| Literature DB >> 31290092 |
Ravid Doron1,2, Ziv Versano3,4, Or Burstein5, Motty Franko5, Alon Shamir6,7, Roni Toledano5, Assaf Handelsman8,5, Moshe Rehavi3,4.
Abstract
Inhibition of monoamine oxidase (MAO)-A/B can ameliorate depressive- and anxiety-related symptoms via increase of monoamine extracellular levels. However, such inhibition can also instigate hypertensive response following exposure to dietary tyramine (i.e., "the cheese effect"). Novel herbal treatment (NHT) is an herbal formula that has been demonstrated to reduce depressive- and anxiety-like symptoms in pre-clinical studies. The aim of the current study was to examine whether the therapeutic potential of NHT is underlain by inhibition of MAO-A/B and whether NHT poses a risk for tyramine hyper-potentiation.
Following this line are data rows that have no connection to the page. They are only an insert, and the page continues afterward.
(* From [|v| <= (1 + v^2) / 2] pointwise. *)
Lemma int_T2_abs_le φ : C2 φ -> int_T2 (fun s t => (φ s t) ^ 2) <= 1 ->
  int_T2 (fun s t => Rabs (φ s t)) <= (twoPI * twoPI + 1) / 2.
Proof.
  intros H H1. pose proof twoPI_pos. unfold int_T2 in *.
  assert (Cq : C2 (fun s t => / 2 + / 2 * (φ s t) ^ 2)).
  { intros s t. apply continuity_2d_pt_plus; [apply continuity_2d_pt_const|].
    apply continuity_2d_pt_mult; [apply continuity_2d_pt_const|apply C2_sqr; auto]. }
  assert (Ca : C2 (fun s t => Rabs (φ s t))) by (apply C2_abs; auto).
  assert (Sq : forall s, ex_RInt (fun t => (φ s t) ^ 2) 0 twoPI)
    by (intros; apply ex_RInt_continuousR; intros;
        apply (continuity_2d_pt_slice2 (fun s t => (φ s t) ^ 2)), C2_sqr; auto).
  apply Rle_trans with (RInt (fun s => RInt (fun t => / 2 + / 2 * (φ s t) ^ 2) 0 twoPI) 0 twoPI).
  - apply RInt_le; [lra|apply ex_int_T2; auto|apply ex_int_T2; auto|].
    intros s _. apply RInt_le; [lra| | |].
    + apply ex_RInt_continuousR; intros; apply (continuity_2d_pt_slice2 (fun s t => Rabs (φ s t))); auto.
    + apply ex_RInt_continuousR; intros;
        apply (continuity_2d_pt_slice2 (fun s t => / 2 + / 2 * (φ s t) ^ 2)); auto.
    + intros t _. cbv beta. rewrite <- (pow2_abs (φ s t)).
      pose proof (Rle_0_sqr (Rabs (φ s t) - 1)). unfold Rsqr in *. simpl. nra.
  - rewrite (RInt_ext (fun s => RInt (fun t => / 2 + / 2 * (φ s t) ^ 2) 0 twoPI)
      (fun s => twoPI / 2 + / 2 * RInt (fun t => (φ s t) ^ 2) 0 twoPI)).
    2:{ intros s _. rewrite RInt_plusR, RInt_constR, RInt_scalR;
        auto; [simpl; field|apply ex_RInt_const|apply ex_RInt_scalR; auto]. }
    rewrite RInt_plusR, RInt_constR, RInt_scalR; [lra| | |].
    + apply (ex_int_T2 (fun s t => (φ s t) ^ 2)), C2_sqr; auto.
    + apply ex_RInt_const.
    + apply ex_RInt_scalR, (ex_int_T2 (fun s t => (φ s t) ^ 2)), C2_sqr; auto.
Qed.

Lemma int_T2_sqr_pd_le g a b : smooth_T2 g -> H3norm g <= 1 -> (a < 4)%nat -> (b < 4 - a)%nat ->
  int_T2 (fun x y => (pd a b g x y) ^ 2) <= 1.
Proof.
  intros Hg H Ha Hb.
  set (J := fun a b => int_T2 (fun x y => (pd a b g x y) ^ 2)).
  assert (HJ : forall a b, 0 <= J a b).
  { intros a' b'. apply int_T2_nonneg; [apply C2_sqr, C2_of_continuous2, Hg|].
    intros; apply pow2_ge_0. }
  set (S := fsum 4 (fun a => fsum (4 - a) (fun b => J a b))).
  assert (HS : S <= 1).
  { destruct (Rle_dec S 1) as [|Hn]; auto.
    assert (sqrt 1 < sqrt S) by (apply sqrt_lt_1_alt; lra).
    change (sqrt S <= 1) in H. rewrite sqrt_1 in *. lra. }
  apply Rle_trans with (fsum (4 - a) (fun b => J a b)).
  - apply (fsum_ge_term (4 - a) (fun b => J a b) b); auto.
  - apply Rle_trans with S; auto.
    apply (fsum_ge_term 4 (fun a => fsum (4 - a) (fun b => J a b)) a); auto.
    intros; apply fsum_nonneg; auto.
Qed.

Lemma L1_pd_le g a b φ : smooth_T2 g -> H3norm g <= 1 -> (a < 4)%nat -> (b < 4 - a)%nat ->
  (forall s t, φ s t = pd a b g s t) -> int_T2 (fun s t => Rabs (φ s t)) <= (twoPI * twoPI + 1) / 2.
Proof.
  intros Hg H Ha Hb E.
  replace φ with (pd a b g) by (do 2 (apply functional_extensionality; intros); auto).
  apply int_T2_abs_le; [apply C2_of_continuous2, Hg|].
  apply int_T2_sqr_pd_le; auto.
Qed.

(* Each of the four terms of [mixed_norm] of [d_x g] or [d_y g] is the [L^1] norm of some
   [pd a b g] with [a + b <= 3]. *)
Definition H3_L1_const : R := 4 * ((twoPI * twoPI + 1) / 2).

Lemma mixed_norm_dx_le g : smooth_T2 g -> H3norm g <= 1 -> mixed_norm (pdl (true :: nil) g) <= H3_L1_const.
Proof.
  intros Hg H. unfold mixed_norm, H3_L1_const.
  assert (E1 : forall s t, pdir false (pdl (true :: nil) g) s t = pd 1 1 g s t)
    by (intros; symmetry; apply pdl_swap; auto).
  assert (E2 : forall s t, pdir false (pdir true (pdl (true :: nil) g)) s t = pd 2 1 g s t).
  { intros s t. change (pdl (false :: true :: true :: nil) g s t
      = pdl (true :: true :: false :: nil) g s t).
    rewrite <- (pdl_swap g (true :: nil) s t Hg).
    change (Derive (fun z => pdl (false :: true :: nil) g z t) s
      = Derive (fun z => pdl (true :: false :: nil) g z t) s).
    apply Derive_ext. intros z. symmetry. apply pdl_swap; auto. }
  pose proof (L1_pd_le g 1 0 (pdl (true :: nil) g) Hg H ltac:(lia) ltac:(simpl; lia) (fun s t => eq_refl)).
  pose proof (L1_pd_le g 1 1 _ Hg H ltac:(lia) ltac:(simpl; lia) E1).
  pose proof (L1_pd_le g 2 0 (pdir true (pdl (true :: nil) g)) Hg H ltac:(lia) ltac:(simpl; lia)
    (fun s t => eq_refl)).
  pose proof (L1_pd_le g 2 1 _ Hg H ltac:(lia) ltac:(simpl; lia) E2).
  lra.
Qed.

Lemma mixed_norm_dy_le g : smooth_T2 g -> H3norm g <= 1 -> mixed_norm (pdl (false :: nil) g) <= H3_L1_const.
Proof.
  intros Hg H. unfold mixed_norm, H3_L1_const.
  assert (E : forall s t, pdir false (pdir true (pdl (false :: nil) g)) s t = pd 1 2 g s t)
    by (intros; symmetry; apply pdl_swap; auto).
  pose proof (L1_pd_le g 0 1 (pdl (false :: nil) g) Hg H ltac:(lia) ltac:(simpl; lia) (fun s t => eq_refl)).
  pose proof (L1_pd_le g 0 2 (pdir false (pdl (false :: nil) g)) Hg H ltac:(lia) ltac:(simpl; lia)
    (fun s t => eq_refl)).
  pose proof (L1_pd_le g 1 1 (pdir true (pdl (false :: nil) g)) Hg H ltac:(lia) ltac:(simpl; lia)
    (fun s t => eq_refl)).
  pose proof (L1_pd_le g 1 2 _ Hg H ltac:(lia) ltac:(simpl; lia) E).
  lra.
Qed.

(** * The fluctuation term *)

Lemma continuous_fsum n (f : nat -> R -> R) x : (forall i, (i < n)%nat -> continuous (f i) x) ->
  continuous (fun s => fsum n (fun i => f i s)) x.
Proof.
  induction n; intros H; simpl; [apply continuous_const|].
  apply (continuous_plus (fun s => fsum n (fun i => f i s)) (f n));
    [apply IHn; intros|]; apply H; lia.
Qed.

Lemma continuous_coef_product β F G (u v w z : R -> R) s : continuous2 F -> continuous2 G ->
  continuous u s -> continuous v s -> continuous w s -> continuous z s ->
  continuous (fun s => β * F (u s) (v s) * G (w s) (z s)) s.
Proof.
  intros HF HG Hu Hv Hw Hz.
  apply (continuous_mult (fun s => β * F (u s) (v s)));
    [apply (continuous_mult (fun _ => β)); [apply continuous_const|]|];
    apply (continuous_comp_2 _ _ _); auto.
Qed.

Lemma fsum3_scal n c (X : nat -> nat -> nat -> R) :
  c * fsum n (fun i => fsum n (fun j => fsum n (fun k => X i j k)))
  = fsum n (fun i => fsum n (fun j => fsum n (fun k => c * X i j k))).
Proof.
  rewrite <- fsum_scal. apply fsum_ext; intros i _.
  rewrite <- fsum_scal. apply fsum_ext; intros j _. symmetry. apply fsum_scal.
Qed.

Lemma continuous2_of_mixed_regular F : mixed_regular F -> continuous2 F.
Proof. intros [_ [_ [_ [C0 _]]]] x y. apply continuity_2d_pt_filterlim, C0. Qed.

Lemma abs_RInt_le_time (J : R -> R) K t : 0 <= t -> (forall s, continuous J s) ->
  (forall s, Rabs (J s) <= K) -> Rabs (RInt J 0 t) <= t * K.
Proof.
  intros Ht HJ HK. replace t with (t - 0) at 2 by ring.
  apply abs_RInt_le_const; auto. apply ex_RInt_continuousR; auto.
Qed.

Lemma RInt_trilinear_ijik_bound n c B (θ : nat -> R -> R) F G M t :
  mixed_regular F -> mixed_regular G -> (forall i s, continuous (θ i) s) ->
  trilinear_bound n (fun i j k => c * B i j k) M -> 0 <= t ->
  Rabs (RInt (fun s => c * fsum n (fun i => fsum n (fun j => fsum n (fun k =>
    B i j k * F (θ i s) (θ j s) * G (θ i s) (θ k s))))) 0 t)
  <= t * (M * mixed_norm G * mixed_norm F).
Proof.
  intros HF HG Hθ HT Ht. apply abs_RInt_le_time; auto.
  - intros s. apply (continuous_mult (fun _ => c)); [apply continuous_const|].
    do 3 (apply continuous_fsum; intros).
    apply continuous_coef_product; auto; apply continuous2_of_mixed_regular; auto.
  - intros s. rewrite fsum3_scal.
    rewrite (fsum_ext n _ (fun i => fsum n (fun j => fsum n (fun k =>
      c * B i j k * F (θ i s) (θ j s) * G (θ i s) (θ k s)))))
      by (intros; apply fsum_ext; intros; apply fsum_ext; intros; ring).
    apply (trilinear_ijik_bound n (fun i j k => c * B i j k) (fun i => θ i s)); auto.
Qed.

Lemma RInt_trilinear_ijjk_bound n c B (θ : nat -> R -> R) F G M t :
  mixed_regular F -> mixed_regular G -> (forall i s, continuous (θ i) s) ->
  trilinear_bound n (fun i j k => c * B i j k) M -> 0 <= t ->
  Rabs (RInt (fun s => c * fsum n (fun i => fsum n (fun j => fsum n (fun k =>
    B i j k * F (θ i s) (θ j s) * G (θ j s) (θ k s))))) 0 t)
  <= t * (M * mixed_norm G * mixed_norm F).
Proof.
  intros HF HG Hθ HT Ht. apply abs_RInt_le_time; auto.
  - intros s. apply (continuous_mult (fun _ => c)); [apply continuous_const|].
    do 3 (apply continuous_fsum; intros).
    apply continuous_coef_product; auto; apply continuous2_of_mixed_regular; auto.
  - intros s. rewrite fsum3_scal.
    rewrite (fsum_ext n _ (fun i => fsum n (fun j => fsum n (fun k =>
      c * B i j k * F (θ i s) (θ j s) * G (θ j s) (θ k s)))))
      by (intros; apply fsum_ext; intros; apply fsum_ext; intros; ring).
    apply (trilinear_ijjk_bound n (fun i j k => c * B i j k) (fun i => θ i s)); auto.
Qed.

Lemma S_ijik_spec n p xi :
  trilinear_bound n (fun i j k => / INR n ^ 3 * (xihat p xi i j * xihat p xi i k)) (S_ijik n p xi)
  /\ 0 <= S_ijik n p xi.
Proof. exact (sign_sup_spec n _ (fun i j k => xihat p xi i j * xihat p xi i k)). Qed.

Lemma S_ijjk_spec n p xi :
  trilinear_bound n (fun i j k => / INR n ^ 3 * (xihat p xi i j * xihat p xi j k)) (S_ijjk n p xi)
  /\ 0 <= S_ijjk n p xi.
Proof. exact (sign_sup_spec n _ (fun i j k => xihat p xi i j * xihat p xi j k)). Qed.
Unpredictable chronic mild stress (UCMS)-exposed mice and naïve mice were treated for 3 weeks with NHT (30 mg/kg; i.p.), the selective serotonin reuptake inhibitor (SSRI) escitalopram (15 mg/kg; i.p.), or saline. Subsequently, MAO-A/B activities in the hypothalamus, striatum, and prefrontal cortex (PFC) were assessed. Exposure to UCMS led to significant increases in both MAO-A and MAO-B activities in the hypothalamus (p < 0.001) and in the PFC (p < 0.01 for MAO-A; p < 0.001 for MAO-B). Neither NHT nor escitalopram had any notable effects. Treatment with NHT was supported as safe in terms of risk for inducing a hypertensive response. The antidepressant- and anxiolytic-like effects of NHT are mediated via pathways other than MAO-A/B inhibition.Entities:
Keywords: Depression; Escitalopram; Monoamine oxidase A/B (MAO-A/B); Novel herbal treatment (NHT); Unpredictable chronic mild stress (UCMS)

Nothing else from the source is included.